EXERCISE INSTRUCTIONS:
Filter the records below, keeping only lines with the string "setT".

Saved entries
..........
Lemma regular_uniform_corank1 d : regular (uniform_circuits d d.+1).
Proof.
move=> F.
(* The columns are the unit vectors of F^d followed by the all-ones vector. *)
pose A : 'M[F]_(d, d.+1) :=
  \matrix_(j, i) ((lift ord_max j == i)%:R + (ord_max == i)%:R).
pose last_term (S : {set 'I_d.+1}) (a : 'I_d.+1 -> F) :=
  if ord_max \in S then a ord_max else 0.
have entry (S : {set 'I_d.+1}) a j : (\sum_(i in S) a i *: col i A) j 0 =
    (if lift ord_max j \in S then a (lift ord_max j) else 0) + last_term S a.
  rewrite col_combination_entry; under eq_bigr do rewrite mxE mulrDr.
  by rewrite big_split /= !sum_mul_delta.
exists d, A => S; rewrite uniform_circuits_corank1; split.
- move=> indepS [_ /set1P -> /[!subTset] /eqP eqS].
  pose a (i : 'I_d.+1) : F := if i == ord_max then -1 else 1.
  have /indepS /(_ ord_max) : \sum_(i in S) a i *: col i A = 0.
    apply/matrixP => j k; rewrite ord1 entry /last_term eqS !inE mxE /a.
    by rewrite eq_sym eq_liftF eqxx addrN.
  by rewrite eqS inE /a eqxx => /(_ isT) /eqP; rewrite oppr_eq0 oner_eq0.
- move=> no_circuit a sum0.
  have /subsetPn [m _ mS] : ~~ (setT \subset S).
    by apply/negP => TS; apply: no_circuit; exists setT; rewrite ?set11.
  have row j : (if lift ord_max j \in S then a (lift ord_max j) else 0)
      + last_term S a = 0 by rewrite -entry sum0 mxE.
  have last0 : last_term S a = 0.
    case: (unliftP ord_max m) mS => [j -> | ->] mS.
      by have := row j; rewrite (negbTE mS) add0r.
    by rewrite /last_term (negbTE mS).
  move=> i iS; case: (unliftP ord_max i) iS => [j -> | ->] iS.
    by have := row j; rewrite last0 addr0 iS.
  by move: last0; rewrite /last_term iS.
Qed.

Section UniformRepresentation.

Variables (F : fieldType) (d n r : nat) (A : 'M[F]_(r, n)).
Hypothesis repA : forall S : {set 'I_n},
  cols_indep A S <-> ~ (exists2 C, C \in uniform_circuits d n & C \subset S).

Lemma uniform_small_cols_indep (S : {set 'I_n}) : (#|S| <= d)%N -> cols_indep A S.
Proof. by move=> leSd; apply/repA => -[C /uniform_circuit_card /[apply]]; lia. Qed.

Lemma uniform_circuit_dependency (C : {set 'I_n}) : #|C| = d.+1 ->
  exists2 a, \sum_(i in C) a i *: col i A = 0 & forall i, i \in C -> a i != 0.
Proof.
move=> cardC.
have /not_all_ex_not [a nontrivial] : ~ cols_indep A C.
  by move/repA; apply; exists C; rewrite ?inE ?cardC.
have [sum0 /not_all_ex_not [i0 nz0]] := imply_to_and _ _ nontrivial.
have [i0C a0] := imply_to_and _ _ nz0.
exists a => // j jC; apply/eqP => aj0.
have i0j : i0 != j by apply/eqP => i0j; rewrite i0j in a0.
have indepCj : cols_indep A (C :\ j).
  by apply: uniform_small_cols_indep; move: (cardsD1 j C); rewrite jC cardC; lia.
apply: a0; apply: indepCj; last by rewrite in_setD1 i0j.
rewrite -[RHS]sum0 (bigD1 j jC) /= aj0 scale0r add0r.
by apply: eq_bigl => k; rewrite in_setD1 andbC.
Qed.

End UniformRepresentation.

Lemma F2_neq0 (x : 'F_2) : x != 0 -> x = 1.
Proof. by case: x => [[|[|m]] ltm] //= _; apply: val_inj. Qed.

Lemma uniform_not_binary d n :
  (1 < d)%N -> (d.+2 <= n)%N -> ~ binary (uniform_circuits d n).
Proof.
move=> lt1d le_dn [r [A repA]].
have circuit_sum (C : {set 'I_n}) : #|C| = d.+1 -> \sum_(i in C) col i A = 0.
  move=> cardC; have [a sum0 aC] := uniform_circuit_dependency repA cardC.
  rewrite -[RHS]sum0.
  by apply: eq_bigr => i iC; rewrite (F2_neq0 (aC i iC)) scale1r.
have [T cardT] := @exists_set_card n d (ltnW (ltnW le_dn)).
have [|b bT] := @exists_notin n T; first by rewrite cardT; lia.
have [|b' bb'T] := @exists_notin n (b |: T); first by rewrite cardsU1 bT cardT; lia.
move: bb'T; rewrite in_setU1 negb_or => /andP [b'b b'T].
have colb : col b A = col b' A.
  have := circuit_sum (b |: T); have := circuit_sum (b' |: T).
  rewrite !big_setU1 //= !cardsU1 bT b'T cardT => /(_ erefl) sumb' /(_ erefl) sumb.
  by apply: (addIr (\sum_(i in T) col i A)); rewrite sumb sumb'.
have indep_bb' : cols_indep A [set b; b'].
  by apply: (uniform_small_cols_indep repA); rewrite cards2; lia.
pose a (z : 'I_n) : 'F_2 := if z == b then 1 else -1.
have /indep_bb' /(_ b (setU11 _ _)) : \sum_(i in [set b; b']) a i *: col i A = 0.
  rewrite big_setU1 ?in_set1 1?eq_sym //= big_set1 /a eqxx (negbTE b'b) colb.
  by rewrite scale1r scaleN1r subrr.
by rewrite /a eqxx => /eqP; rewrite oner_eq0.
Qed.

End Representations.

Theorem proposition3 (d n : nat) (hdn : d <= n)
  (hsimple : simple_matroid (uniform_circuits d n)) :
  (regular (uniform_circuits d n) <-> binary (uniform_circuits d n)) /\
  (binary (uniform_circuits d n) <->
     exists! B, minimal_tropical_basis (uniform_circuits d n) B).
Proof.
have [lt_d1n | le_nd1] := ltnP d.+1 n.
  have lt1d : 1 < d.
    have [C cardC] := @exists_set_card n d.+1 (ltnW lt_d1n).
    by have := hsimple C; rewrite inE cardC eqxx => /(_ isT).
  have not_binary := uniform_not_binary lt1d lt_d1n.
  have not_unique := uniform_no_unique_minimal_tropical_basis (ltnW lt1d) lt_d1n.
  split; split=> H; exfalso;
    [exact: not_binary (regular_binary H) | exact: not_binary H ..| exact: not_unique H].
have [reg uniq] : regular (uniform_circuits d n) /\
    exists! B, minimal_tropical_basis (uniform_circuits d n) B.
  have [-> | ->] : n = d \/ n = d.+1 by lia.
    split; first exact: regular_uniform_full.
    exact/minimal_tropical_basis_unique/uniform_full_minimal_tropical_basis.
  split; first exact: regular_uniform_corank1.
  exact/minimal_tropical_basis_unique/uniform_corank1_minimal_tropical_basis.
by split; split=> // _; apply: regular_binary.
Qed.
..........
SOLVED PROBLEM:
  have /subsetPn [m _ mS] : ~~ (setT \subset S).
    by apply/negP => TS; apply: no_circuit; exists setT; rewrite ?set11.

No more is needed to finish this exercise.